Although whole-cell vaccines are still used extensively in developing regions of the world, acellular pertussis vaccines are used exclusively for childhood immunization in much of the developed world. In North America, acellular pertussis vaccines for children are given as a three-dose primary series at 2, 4, and 6 months of age, with a reinforcing dose at 15–18 months of age and a booster dose at 4–6 years of age.
Although a wide variety of acellular pertussis vaccines were developed, only a few are still widely marketed; all contain pertussis toxoid and filamentous hemagglutinin. One acellular pertussis vaccine also contains pertactin, and another contains pertactin and two types of fimbriae. In light of phase 3 efficacy studies, most experts have concluded that two-component acellular pertussis vaccines are more effective than monocomponent vaccines and that the addition of pertactin increases efficacy still more. The further addition of fimbriae appears to enhance protective efficacy against milder disease. In two studies, protection conferred by pertussis vaccines correlated best with the production of antibody to pertactin, fimbriae, and pertussis toxin.

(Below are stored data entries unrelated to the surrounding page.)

(* Let $M\in\mathbb{C}^{3\times 3}$ be nonsingular and let $s\in\mathbb{C}^3$ be a nonzero vector such that for every integer $k\ge 1$, $s$ is not a column eigenvector of $M^k$. Let $F_1,F_2,F_3\in\mathbb{C}^{2\times 3}$ with $\mathrm{rank}(F_i)=2$ for $1\le i\le 3$, such that the intersection of the row spaces of $F_1,F_2,F_3$ is $\{0\}$. Then for every positive integer $n$ there exist some $F\in\{F_1,F_2,F_3\}$ and some subset $S\subseteq\{FM^ks: 0\le k\le n^3\}$ with $|S|\ge n$ such that the vectors in $S$ are pairwise linearly independent. *)

From HB Require Import structures.
From mathcomp Require Import all_boot all_order all_algebra.
From mathcomp Require Import complex.
From mathcomp Require Import reals.
Set Implicit Arguments. Unset Strict Implicit. Unset Printing Implicit Defensive.
Import Order.TTheory GRing.Theory Num.Theory.
Local Open Scope ring_scope.

(* The complex numbers are modelled as R[i] = complex R for R : realType
   (a complete archimedean ordered field, i.e. the reals). *)

Definition col_eigenvector (C : fieldType) (m : nat) (A : 'M[C]_m) (s : 'cV[C]_m) :=
  s != 0 /\ exists lam : C, A *m s = lam *: s.

Definition lin_indep2 (C : fieldType) (m : nat) (u v : 'cV[C]_m) :=
  \rank (row_mx u v) = 2%N.

From HB Require Import structures.
From mathcomp Require Import all_boot all_order all_algebra.
From mathcomp Require Import complex reals.
Set Implicit Arguments. Unset Strict Implicit. Unset Printing Implicit Defensive.
Import Order.TTheory GRing.Theory Num.Theory.
Local Open Scope ring_scope.

(* For j < k the columns M^j s and M^k s are independent, so the 3x2 matrix
   W = [M^j s, M^k s] has a one-dimensional left kernel.  If every F_i W were
   singular, that kernel would lie in the row space of every F_i, whose
   intersection is 0.  Hence some F_i separates the lines spanned by
   F_i M^j s and F_i M^k s, i.e. k |-> (line of F_i M^k s)_i is injective on
   the n^3 + 1 exponents 0..n^3.  Some coordinate therefore takes more than n
   values, and discarding the zero vector leaves n pairwise independent ones. *)

Section Fibers.
Variables (I : finType) (T : eqType) (f : I -> T).

Definition fiber_rep (k : I) : I := odflt k [pick j | f j == f k].

Lemma fiber_repE k : f (fiber_rep k) = f k.
Proof. by rewrite /fiber_rep; case: pickP => [j /eqP|]. Qed.

Lemma fiber_rep_eq j k : f j = f k -> fiber_rep j = fiber_rep k.
Proof.
move=> e; rewrite /fiber_rep e.
by case: pickP => // /(_ k); rewrite eqxx.
Qed.

Definition fiber_reps : {set I} := [set fiber_rep k | k : I].

Lemma fiber_reps_inj : {in fiber_reps &, injective f}.
Proof.
move=> _ _ /imsetP[j _ ->] /imsetP[k _ ->].
by rewrite !fiber_repE => /fiber_rep_eq.
Qed.

End Fibers.

Lemma card_leq_prod_fiber_reps (I J : finType) (T : eqType) (f : J -> I -> T) :
  (forall j k, (forall i, f i j = f i k) -> j = k) ->
  (#|I| <= \prod_i #|fiber_reps (f i)|)%N.
Proof.
move=> f_inj; pose reps k : {dffun forall i : J, I} := [ffun i => fiber_rep (f i) k].
have reps_inj : injective reps.
  move=> j k /ffunP e; apply: f_inj => i.
  by rewrite -fiber_repE -[RHS]fiber_repE; have := e i; rewrite !ffunE => ->.
rewrite -cardsXn -(card_imset _ reps_inj); apply/subset_leq_card/subsetP.
move=> _ /imsetP[k _ ->]; apply/setXnP => i; rewrite ffunE.
exact: imset_f.
Qed.

Lemma exists_ltn_of_expn_ltn_prod (J : finType) (c : J -> nat) n :
  (n ^ #|J| < \prod_i c i)%N -> exists i, (n < c i)%N.
Proof.
move=> lt_prod; apply/existsP; apply: contraTT lt_prod => /existsPn c_le.
rewrite -leqNgt -prod_nat_const; apply: leq_prod => i _.
by rewrite leqNgt c_le.
Qed.

Section ColumnPairs.
Variables (C : fieldType) (m : nat).
Implicit Types u v : 'cV[C]_m.

Lemma rank_row_mx_cV u v : \rank (row_mx u v) = \rank (u^T + v^T)%MS.
Proof. by rewrite -mxrank_tr tr_row_mx addsmxE. Qed.

Lemma lin_indep2_genmx_neq u v : lin_indep2 u v -> <<u^T>>%MS != <<v^T>>%MS.
Proof.
rewrite /lin_indep2 rank_row_mx_cV => rk2; apply/negP => /eqP/genmxP/andP[_ vu].
move: rk2; rewrite (addsmx_idPl vu).
by have := rank_leq_row u^T; case: (\rank u^T) => [|[|]].
Qed.

Lemma lin_indep2_of_genmx_neq u v :
  u != 0 -> v != 0 -> <<u^T>>%MS != <<v^T>>%MS -> lin_indep2 u v.
Proof.
move=> u0 v0 uv; rewrite /lin_indep2 rank_row_mx_cV.
have rank1 (w : 'cV_m) : w != 0 -> \rank w^T = 1%N by rewrite rank_rV trmx_eq0 => ->.
apply/eqP; rewrite eqn_leq; apply/andP; split.
  apply: leq_trans (mxrank_adds_leqif _ _).1 _.
  by rewrite rank1 // rank1.
rewrite ltnNge; apply: contra uv => le1; apply/eqP/genmxP.
have sum_sub (w : 'cV_m) : w != 0 -> (w^T <= u^T + v^T)%MS -> (u^T + v^T <= w^T)%MS.
  move=> w0 wS; rewrite -(mxrank_leqif_sup wS).2 eqn_leq mxrankS //.
  by rewrite rank1.
apply/andP; split.
  exact: submx_trans (addsmxSl _ _) (sum_sub v v0 (addsmxSr _ _)).
exact: submx_trans (addsmxSr _ _) (sum_sub u u0 (addsmxSl _ _)).
Qed.

Lemma scale_of_not_lin_indep2 u v : u != 0 -> ~ lin_indep2 u v -> exists c, v = c *: u.
Proof.
move=> u0 dep; have [->|v0] := eqVneq v 0; first by exists 0; rewrite scale0r.
have /eqP/genmxP/andP[_ /sub_rVP[c vu]] : <<u^T>>%MS == <<v^T>>%MS.
  by apply: contraT => uv; case: dep; apply: lin_indep2_of_genmx_neq.
by exists c; apply: trmx_inj; rewrite vu linearZ.
Qed.

End ColumnPairs.

Lemma lin_indep2_orbit (C : fieldType) n (M : 'M[C]_n.+1) (s : 'cV_n.+1) j k :
  M \in unitmx -> (forall d, (1 <= d)%N -> ~ col_eigenvector (M ^+ d) s) ->
  s != 0 -> (j < k)%N -> lin_indep2 (M ^+ j *m s) (M ^+ k *m s).
Proof.
move=> M_unit not_eigen s0 lt_jk; have Mj_unit : M ^+ j \in unitmx by rewrite unitrX.
have Mjs0 : M ^+ j *m s != 0.
  by apply: contraNneq s0 => Mjs_0; rewrite -(mulKmx Mj_unit s) Mjs_0 mulmx0.
apply/eqP; apply: contraT => /eqP/(scale_of_not_lin_indep2 Mjs0)[c Mks].
case: (not_eigen (k - j)%N); first by rewrite subn_gt0.
split=> //; exists c; apply: (can_inj (mulKmx Mj_unit)).
by rewrite -scalemxAr -Mks mulmxA mulmxE -exprD subnKC // ltnW.
Qed.

Lemma kermx_sub_of_not_row_free (C : fieldType) p m q (F : 'M[C]_(p, m)) (W : 'M_(m, q)) :
  row_free F -> \rank W = m.-1 -> ~~ row_free (F *m W) -> (kermx W <= F)%MS.
Proof.
move=> F_free rW FW_not_free; pose H := kermx (F *m W) *m F.
have rH : (1 <= \rank H)%N.
  rewrite mxrankMfree // mxrank_ker subn_gt0 ltn_neqAle rank_leq_row andbT.
  exact: FW_not_free.
have HW : (H <= kermx W)%MS by rewrite sub_kermx -mulmxA mulmx_ker.
have WH : (kermx W <= H)%MS.
  rewrite -(mxrank_leqif_sup HW).2 eqn_leq mxrankS //=.
  by rewrite mxrank_ker rW (leq_trans _ rH) // leq_subLR addn1 leqSpred.
exact: submx_trans WH (submxMl _ _).
Qed.

Lemma row_free_mul_of_capmx3_eq0 (C : fieldType) p1 p2 p3 m q
    (F1 : 'M[C]_(p1, m.+1)) (F2 : 'M_(p2, m.+1)) (F3 : 'M_(p3, m.+1)) (W : 'M_(m.+1, q)) :
  row_free F1 -> row_free F2 -> row_free F3 -> (F1 :&: F2 :&: F3)%MS = 0 ->
  \rank W = m ->
  [\/ row_free (F1 *m W), row_free (F2 *m W) | row_free (F3 *m W)].
Proof.
move=> F1_free F2_free F3_free cap0 rW.
have [] := boolP (row_free (F1 *m W)); first by constructor 1.
have [] := boolP (row_free (F2 *m W)); first by constructor 2.
have [] := boolP (row_free (F3 *m W)); first by constructor 3.
move=> F3W F2W F1W; have : (kermx W <= F1 :&: F2 :&: F3)%MS.
  by rewrite !sub_capmx !kermx_sub_of_not_row_free.
by rewrite cap0 submx0 -mxrank_eq0 mxrank_ker rW subSnn.
Qed.

Section SpanRepresentatives.
Variables (C : fieldType) (m : nat) (I : finType) (g : I -> 'cV[C]_m).

(* <<u^T>> is a canonical representative of the line spanned by u. *)
Definition span_reps : {set I} := fiber_reps (fun k => <<(g k)^T>>%MS).

Definition nonzero_span_reps : {set I} := span_reps :\: [set k | g k == 0%R].

Lemma span_reps_inj : {in span_reps &, injective (fun k => <<(g k)^T>>%MS)}.
Proof. exact: fiber_reps_inj. Qed.

Lemma card_nonzero_span_reps : (#|span_reps|.-1 <= #|nonzero_span_reps|)%N.
Proof.
have zero_le1 : (#|span_reps :&: [set k | g k == 0%R]| <= 1)%N.
  apply/card_le1_eqP => j k; rewrite !inE => /andP[Rj /eqP gj0] /andP[Rk /eqP gk0].
  by apply: (span_reps_inj Rk Rj) => /=; rewrite gj0 gk0.
by rewrite cardsD -subn1 leq_sub2l.
Qed.

Lemma nonzero_span_reps_lin_indep2 :
  {in nonzero_span_reps &, forall j k, j != k -> lin_indep2 (g j) (g k)}.
Proof.
move=> j k; rewrite !inE => /andP[gj0 Rj] /andP[gk0 Rk] jk.
apply: lin_indep2_of_genmx_neq => //.
by apply: contraNneq jk => /(span_reps_inj Rj Rk) ->.
Qed.

End SpanRepresentatives.

Theorem lemma3p1 (R : realType) (M : 'M[R[i]]_3) (s : 'cV[R[i]]_3)
  (F1 F2 F3 : 'M[R[i]]_(2, 3)) :
  M \in unitmx ->
  s != 0 ->
  (forall k : nat, (1 <= k)%N -> ~ col_eigenvector (M ^+ k) s) ->
  \rank F1 = 2%N -> \rank F2 = 2%N -> \rank F3 = 2%N ->
  (F1 :&: F2 :&: F3)%MS = 0 ->
  forall n : nat, (0 < n)%N ->
  exists F : 'M[R[i]]_(2, 3), (F = F1 \/ F = F2 \/ F = F3) /\
  exists S : seq 'cV[R[i]]_2,
    [/\ uniq S, (n <= size S)%N,
        (forall v, v \in S -> exists2 k : nat, (k <= n ^ 3)%N & v = F *m (M ^+ k *m s)) &
        (forall u v, u \in S -> v \in S -> u != v -> lin_indep2 u v)].
Proof.
move=> M_unit s0 not_eigen rF1 rF2 rF3 cap0 n _.
have [F1_free F2_free F3_free] : [/\ row_free F1, row_free F2 & row_free F3].
  by rewrite /row_free rF1 rF2 rF3.
pose Fs := [tuple F1; F2; F3].
pose g i (k : 'I_(n ^ 3).+1) := tnth Fs i *m (M ^+ k *m s).
have separated (j k : 'I_(n ^ 3).+1) : (j < k)%N -> exists i, lin_indep2 (g i j) (g i k).
  move=> /(lin_indep2_orbit M_unit not_eigen s0) W_free.
  have [] := row_free_mul_of_capmx3_eq0 F1_free F2_free F3_free cap0 W_free;
    rewrite mul_mx_row => /eqP FW_free; [exists 0 | exists 1 | exists 2]; exact: FW_free.
have g_inj (j k : 'I_(n ^ 3).+1) : (forall i, <<(g i j)^T>>%MS = <<(g i k)^T>>%MS) -> j = k.
  move=> g_jk; case: (ltngtP j k) => [lt_jk | lt_kj | /val_inj //].
    by have [i /lin_indep2_genmx_neq] := separated _ _ lt_jk; rewrite g_jk eqxx.
  by have [i /lin_indep2_genmx_neq] := separated _ _ lt_kj; rewrite g_jk eqxx.
have [i lt_n] : exists i, (n < #|span_reps (g i)|)%N.
  apply: exists_ltn_of_expn_ltn_prod; rewrite card_ord.
  by apply: leq_trans (card_leq_prod_fiber_reps g_inj); rewrite card_ord.
have indep := @nonzero_span_reps_lin_indep2 _ _ _ (g i).
exists (tnth Fs i); split.
  by have := mem_tnth i Fs; rewrite !inE => /or3P[]/eqP ->; tauto.
exists (map (g i) (enum (nonzero_span_reps (g i)))); split.
- rewrite map_inj_in_uniq ?enum_uniq // => j k; rewrite !mem_enum => Rj Rk g_jk.
  apply/eqP; apply: contraT => /(indep j k Rj Rk)/lin_indep2_genmx_neq.
  by rewrite g_jk eqxx.
- rewrite size_map -cardE; apply: leq_trans (card_nonzero_span_reps (g i)).
  by case: #|span_reps (g i)| lt_n.
- by move=> _ /mapP[k _ ->]; exists k; rewrite // -ltnS.
- move=> _ _ /mapP[j + ->] /mapP[k + ->]; rewrite !mem_enum => Rj Rk g_jk.
  by apply: indep => //; apply: contra_neq g_jk => ->.
Qed.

Adult formulations of acellular pertussis vaccines have been shown to be safe, immunogenic, and efficacious in clinical trials in adolescents and adults and are now recommended for routine immunization of these groups in several countries, including the United States. In this country, adolescents should receive a dose of the adult-formulation diphtheria–tetanus–acellular pertussis vaccine at the preadolescent physician's visit, and all unvaccinated adults should receive a single dose of this combined vaccine. In addition, it is recommended that all health care workers in the United States be vaccinated against pertussis. Pertussis vaccine coverage among U.S. adolescents rose from 10.8% to 30.4% from 2006 to 2007. Further improvements in adolescent and adult vaccine coverage may permit better control of pertussis across the age spectrum, with collateral protection of infants too young to be immunized.